(* Let $k\ge 1$ and $n\ge k$ be fixed. There is a streaming algorithm that, at every time at which the window contains $n$ elements, maintains a uniformly random subset of size $k$ (sampling without replacement, every $k$-subset of the active elements equally likely) of the current sequence-based sliding window of size $n$, using $O(k)$ memory in the worst case.
   Context: A data stream is a sequence $p_0,p_1,p_2,\dots$ of elements observed one at a time and only once. In the sequence-based sliding window model with window size $n$, after $N\ge n$ elements have arrived the active (non-expired) elements are the last $n$ arrived elements; all other arrived elements are expired. Memory is measured in the number of stored elements/machine words. *)

From mathcomp Require Import all_boot all_order all_algebra.
From Stdlib Require List.
Set Implicit Arguments. Unset Strict Implicit. Unset Printing Implicit Defensive.
Import Order.TTheory GRing.Theory Num.Theory.
Local Open Scope ring_scope.

(* A memory cell stores either a stream element or a machine word (nat). *)
Definition cell (T : Type) := (T + nat)%type.
(* The memory state of an algorithm: a list of cells; memory = its length. *)
Definition mstate (T : Type) := seq (cell T).

(* A finitely supported probability distribution with rational weights. *)
Definition fdist (S : Type) := seq (rat * S).

Definition is_fdist (S : Type) (d : fdist S) : Prop :=
  all (fun p => 0 <= p.1) d /\ \sum_(p <- d) p.1 = 1.

(* A randomized streaming algorithm over elements of type T:
   - init : initial memory,
   - step : on the current memory and the newly arrived element, a random
            next memory (finitely supported distribution),
   - out  : the reported sample, as (element, arrival index) pairs. *)
Record salg (T : Type) := SAlg {
  init : mstate T;
  step : mstate T -> T -> fdist (mstate T);
  out  : mstate T -> seq (T * nat)
}.

Fixpoint run (T : Type) (A : salg T) (s : nat -> T) (N : nat)
  : fdist (mstate T) :=
  match N with
  | 0 => [:: (1, init A)]
  | N'.+1 =>
      flatten [seq [seq (p.1 * q.1, q.2) | q <- step A p.2 (s N')]
              | p <- run A s N']
  end.

Definition prob (S : Type) (d : fdist S) (P : S -> bool) : rat :=
  \sum_(p <- d | P p.2) p.1.

Definition words (T : Type) (m : mstate T) : seq nat :=
  pmap (fun c => match c with inr w => Some w | inl _ => None end) m.

Definition in_window (n N i : nat) : bool := (N - n <= i < N)%N.

Definition sw_sampler (T : Type) (k n : nat) (A : salg T) (s : nat -> T) : Prop :=
  (forall m x, is_fdist (step A m x)) /\
  (forall N, (n <= N)%N ->
     (forall p, List.In p (run A s N) -> 0 < p.1 ->
        exists S : seq nat,
          [/\ uniq S, size S = k, all (in_window n N) S &
              out A p.2 = [seq (s i, i) | i <- S]]) /\
     (forall X : seq nat, uniq X -> size X = k -> all (in_window n N) X ->
        prob (run A s N) (fun m => perm_eq [seq q.2 | q <- out A m] X)
        = ('C(n, k)%:R)^-1)).

(* Worst-case memory bound: at every time N, every reachable memory state has
   at most M cells, and each stored word has value at most (N+n+2)^c,
   i.e. O(log(N+n)) bits. *)
Definition mem_bound (T : Type) (A : salg T) (s : nat -> T) (n M c : nat) : Prop :=
  forall N p, List.In p (run A s N) -> 0 < p.1 ->
    (size p.2 <= M)%N /\ all (fun w => w <= (N + n + 2) ^ c)%N (words p.2).

From mathcomp Require Import all_boot all_order all_algebra.
From mathcomp Require Import zify.
Set Implicit Arguments. Unset Strict Implicit. Unset Printing Implicit Defensive.
Import GRing.Theory Num.Theory.

(* Cut the stream into blocks of n consecutive positions. Within the current
   block the sampler maintains a uniformly random permutation of the positions
   seen so far, by inserting each new position at a uniformly random place, but
   stores only its first k entries; when a block is complete, this prefix becomes
   the stored prefix of the previous block. All histories of random choices are
   equally likely, and they cover the pairs (permutation of the previous block,
   permutation of the current block) evenly.
   At time N the window consists of the survivors of the previous block followed
   by the current block, which has as many positions as the previous block has
   expired ones. Replacing the expired positions in the permutation of the
   previous block, from left to right, by the permutation of the current block
   maps the pairs of block permutations evenly onto the permutations of the
   window; and the output (the stored survivors, completed by a prefix of the
   stored current block) is, up to order, the first k entries of that
   permutation, hence a uniform k-subset of the window. The memory holds N and
   at most 2k (element, position) pairs. *)

(** * Insertion, replacement and permutations *)

Fixpoint ins (A : Type) (r : nat) (y : A) (l : seq A) : seq A :=
  match r, l with
  | 0, _ => y :: l
  | r'.+1, x :: l' => x :: ins r' y l'
  | _.+1, [::] => [:: y]
  end.

Section Insertion.
Variable A : Type.
Implicit Types (y : A) (l : seq A).

Lemma map_ins (B : Type) (f : A -> B) r y l :
  map f (ins r y l) = ins r (f y) (map f l).
Proof. by elim: l r => [|x l IH] [|r] //=; rewrite IH. Qed.

Lemma take_ins k r y l : take k (ins r y (take k l)) = take k (ins r y l).
Proof.
elim: l k r => [|x l IH] [|k] [|r] //=; last by rewrite IH.
by case: k => //= k; rewrite take_takel.
Qed.

End Insertion.

Section EqInsertion.
Variable A : eqType.
Implicit Types (y : A) (l : seq A).

Lemma perm_ins r y l : perm_eq (ins r y l) (y :: l).
Proof.
elim: l r => [|x l IH] [|r] //=.
apply: (@perm_trans _ (x :: y :: l)); first by rewrite perm_cons.
by rewrite -[x :: y :: l]/([:: x] ++ [:: y] ++ l) perm_catCA.
Qed.

Lemma index_ins r y l : y \notin l -> r <= size l -> index y (ins r y l) = r.
Proof.
elim: l r => [|x l IH] [|r] //=; rewrite ?eqxx // inE negb_or => /andP[yx yl] rl.
by rewrite eq_sym (negbTE yx) IH.
Qed.

Lemma rem_ins r y l : y \notin l -> rem y (ins r y l) = l.
Proof.
elim: l r => [|x l IH] [|r] //=; rewrite ?eqxx // inE negb_or => /andP[yx yl].
by rewrite eq_sym (negbTE yx) IH.
Qed.

Lemma ins_index_rem y l : y \in l -> ins (index y l) y (rem y l) = l.
Proof.
elim: l => [|x l IH] //=; rewrite inE eq_sym.
by case: eqP => [-> //|_ /= yl]; rewrite IH.
Qed.

End EqInsertion.

Lemma allpairs_pair_uniq (A B : eqType) (s : seq A) (t : seq B) :
  uniq s -> uniq t -> uniq [seq (a, b) | a <- s, b <- t].
Proof. by move=> us ut; apply: allpairs_uniq => // -[? ?] [? ?] _ _ [-> ->]. Qed.

Lemma perm_map_bij (A B : eqType) (f : A -> B) (g : B -> A) (sa : seq A) (sb : seq B) :
  uniq sa -> uniq sb -> {in sa, forall a, f a \in sb} -> {in sb, forall b, g b \in sa} ->
  {in sa, cancel f g} -> {in sb, cancel g f} -> perm_eq (map f sa) sb.
Proof.
move=> ua ub fab gba fK gK; apply: uniq_perm => //.
  by rewrite (map_inj_in_uniq (can_in_inj fK)).
move=> b; apply/mapP/idP => [[a aa ->]|bb]; first exact: fab.
by exists (g b); rewrite ?gK ?gba.
Qed.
────────────────────
PROBLEM STATEMENT :: Without changing anything, repeat every record above.

TASK ANSWER ::
(* Let $k\ge 1$ and $n\ge k$ be fixed. There is a streaming algorithm that, at every time at which the window contains $n$ elements, maintains a uniformly random subset of size $k$ (sampling without replacement, every $k$-subset of the active elements equally likely) of the current sequence-based sliding window of size $n$, using $O(k)$ memory in the worst case.
   Context: A data stream is a sequence $p_0,p_1,p_2,\dots$ of elements observed one at a time and only once. In the sequence-based sliding window model with window size $n$, after $N\ge n$ elements have arrived the active (non-expired) elements are the last $n$ arrived elements; all other arrived elements are expired. Memory is measured in the number of stored elements/machine words. *)

From mathcomp Require Import all_boot all_order all_algebra.
From Stdlib Require List.
Set Implicit Arguments. Unset Strict Implicit. Unset Printing Implicit Defensive.
Import Order.TTheory GRing.Theory Num.Theory.
Local Open Scope ring_scope.

(* A memory cell stores either a stream element or a machine word (nat). *)
Definition cell (T : Type) := (T + nat)%type.
(* The memory state of an algorithm: a list of cells; memory = its length. *)
Definition mstate (T : Type) := seq (cell T).

(* A finitely supported probability distribution with rational weights. *)
Definition fdist (S : Type) := seq (rat * S).

Definition is_fdist (S : Type) (d : fdist S) : Prop :=
  all (fun p => 0 <= p.1) d /\ \sum_(p <- d) p.1 = 1.

(* A randomized streaming algorithm over elements of type T:
   - init : initial memory,
   - step : on the current memory and the newly arrived element, a random
            next memory (finitely supported distribution),
   - out  : the reported sample, as (element, arrival index) pairs. *)
Record salg (T : Type) := SAlg {
  init : mstate T;
  step : mstate T -> T -> fdist (mstate T);
  out  : mstate T -> seq (T * nat)
}.

Fixpoint run (T : Type) (A : salg T) (s : nat -> T) (N : nat)
  : fdist (mstate T) :=
  match N with
  | 0 => [:: (1, init A)]
  | N'.+1 =>
      flatten [seq [seq (p.1 * q.1, q.2) | q <- step A p.2 (s N')]
              | p <- run A s N']
  end.

Definition prob (S : Type) (d : fdist S) (P : S -> bool) : rat :=
  \sum_(p <- d | P p.2) p.1.

Definition words (T : Type) (m : mstate T) : seq nat :=
  pmap (fun c => match c with inr w => Some w | inl _ => None end) m.

Definition in_window (n N i : nat) : bool := (N - n <= i < N)%N.

Definition sw_sampler (T : Type) (k n : nat) (A : salg T) (s : nat -> T) : Prop :=
  (forall m x, is_fdist (step A m x)) /\
  (forall N, (n <= N)%N ->
     (forall p, List.In p (run A s N) -> 0 < p.1 ->
        exists S : seq nat,
          [/\ uniq S, size S = k, all (in_window n N) S &
              out A p.2 = [seq (s i, i) | i <- S]]) /\
     (forall X : seq nat, uniq X -> size X = k -> all (in_window n N) X ->
        prob (run A s N) (fun m => perm_eq [seq q.2 | q <- out A m] X)
        = ('C(n, k)%:R)^-1)).

(* Worst-case memory bound: at every time N, every reachable memory state has
   at most M cells, and each stored word has value at most (N+n+2)^c,
   i.e. O(log(N+n)) bits. *)
Definition mem_bound (T : Type) (A : salg T) (s : nat -> T) (n M c : nat) : Prop :=
  forall N p, List.In p (run A s N) -> 0 < p.1 ->
    (size p.2 <= M)%N /\ all (fun w => w <= (N + n + 2) ^ c)%N (words p.2).

From mathcomp Require Import all_boot all_order all_algebra.
From mathcomp Require Import zify.
Set Implicit Arguments. Unset Strict Implicit. Unset Printing Implicit Defensive.
Import GRing.Theory Num.Theory.

(* Cut the stream into blocks of n consecutive positions. Within the current
   block the sampler maintains a uniformly random permutation of the positions
   seen so far, by inserting each new position at a uniformly random place, but
   stores only its first k entries; when a block is complete, this prefix becomes
   the stored prefix of the previous block. All histories of random choices are
   equally likely, and they cover the pairs (permutation of the previous block,
   permutation of the current block) evenly.
   At time N the window consists of the survivors of the previous block followed
   by the current block, which has as many positions as the previous block has
   expired ones. Replacing the expired positions in the permutation of the
   previous block, from left to right, by the permutation of the current block
   maps the pairs of block permutations evenly onto the permutations of the
   window; and the output (the stored survivors, completed by a prefix of the
   stored current block) is, up to order, the first k entries of that
   permutation, hence a uniform k-subset of the window. The memory holds N and
   at most 2k (element, position) pairs. *)

(** * Insertion, replacement and permutations *)

Fixpoint ins (A : Type) (r : nat) (y : A) (l : seq A) : seq A :=
  match r, l with
  | 0, _ => y :: l
  | r'.+1, x :: l' => x :: ins r' y l'
  | _.+1, [::] => [:: y]
  end.

Section Insertion.
Variable A : Type.
Implicit Types (y : A) (l : seq A).

Lemma map_ins (B : Type) (f : A -> B) r y l :
  map f (ins r y l) = ins r (f y) (map f l).
Proof. by elim: l r => [|x l IH] [|r] //=; rewrite IH. Qed.

Lemma take_ins k r y l : take k (ins r y (take k l)) = take k (ins r y l).
Proof.
elim: l k r => [|x l IH] [|k] [|r] //=; last by rewrite IH.
by case: k => //= k; rewrite take_takel.
Qed.

End Insertion.

Section EqInsertion.
Variable A : eqType.
Implicit Types (y : A) (l : seq A).

Lemma perm_ins r y l : perm_eq (ins r y l) (y :: l).
Proof.
elim: l r => [|x l IH] [|r] //=.
apply: (@perm_trans _ (x :: y :: l)); first by rewrite perm_cons.
by rewrite -[x :: y :: l]/([:: x] ++ [:: y] ++ l) perm_catCA.
Qed.

Lemma index_ins r y l : y \notin l -> r <= size l -> index y (ins r y l) = r.
Proof.
elim: l r => [|x l IH] [|r] //=; rewrite ?eqxx // inE negb_or => /andP[yx yl] rl.
by rewrite eq_sym (negbTE yx) IH.
Qed.

Lemma rem_ins r y l : y \notin l -> rem y (ins r y l) = l.
Proof.
elim: l r => [|x l IH] [|r] //=; rewrite ?eqxx // inE negb_or => /andP[yx yl].
by rewrite eq_sym (negbTE yx) IH.
Qed.

Lemma ins_index_rem y l : y \in l -> ins (index y l) y (rem y l) = l.
Proof.
elim: l => [|x l IH] //=; rewrite inE eq_sym.
by case: eqP => [-> //|_ /= yl]; rewrite IH.
Qed.

End EqInsertion.

Lemma allpairs_pair_uniq (A B : eqType) (s : seq A) (t : seq B) :
  uniq s -> uniq t -> uniq [seq (a, b) | a <- s, b <- t].
Proof. by move=> us ut; apply: allpairs_uniq => // -[? ?] [? ?] _ _ [-> ->]. Qed.

Lemma perm_map_bij (A B : eqType) (f : A -> B) (g : B -> A) (sa : seq A) (sb : seq B) :
  uniq sa -> uniq sb -> {in sa, forall a, f a \in sb} -> {in sb, forall b, g b \in sa} ->
  {in sa, cancel f g} -> {in sb, cancel g f} -> perm_eq (map f sa) sb.
Proof.
move=> ua ub fab gba fK gK; apply: uniq_perm => //.
  by rewrite (map_inj_in_uniq (can_in_inj fK)).
move=> b; apply/mapP/idP => [[a aa ->]|bb]; first exact: fab.
by exists (g b); rewrite ?gK ?gba.
Qed.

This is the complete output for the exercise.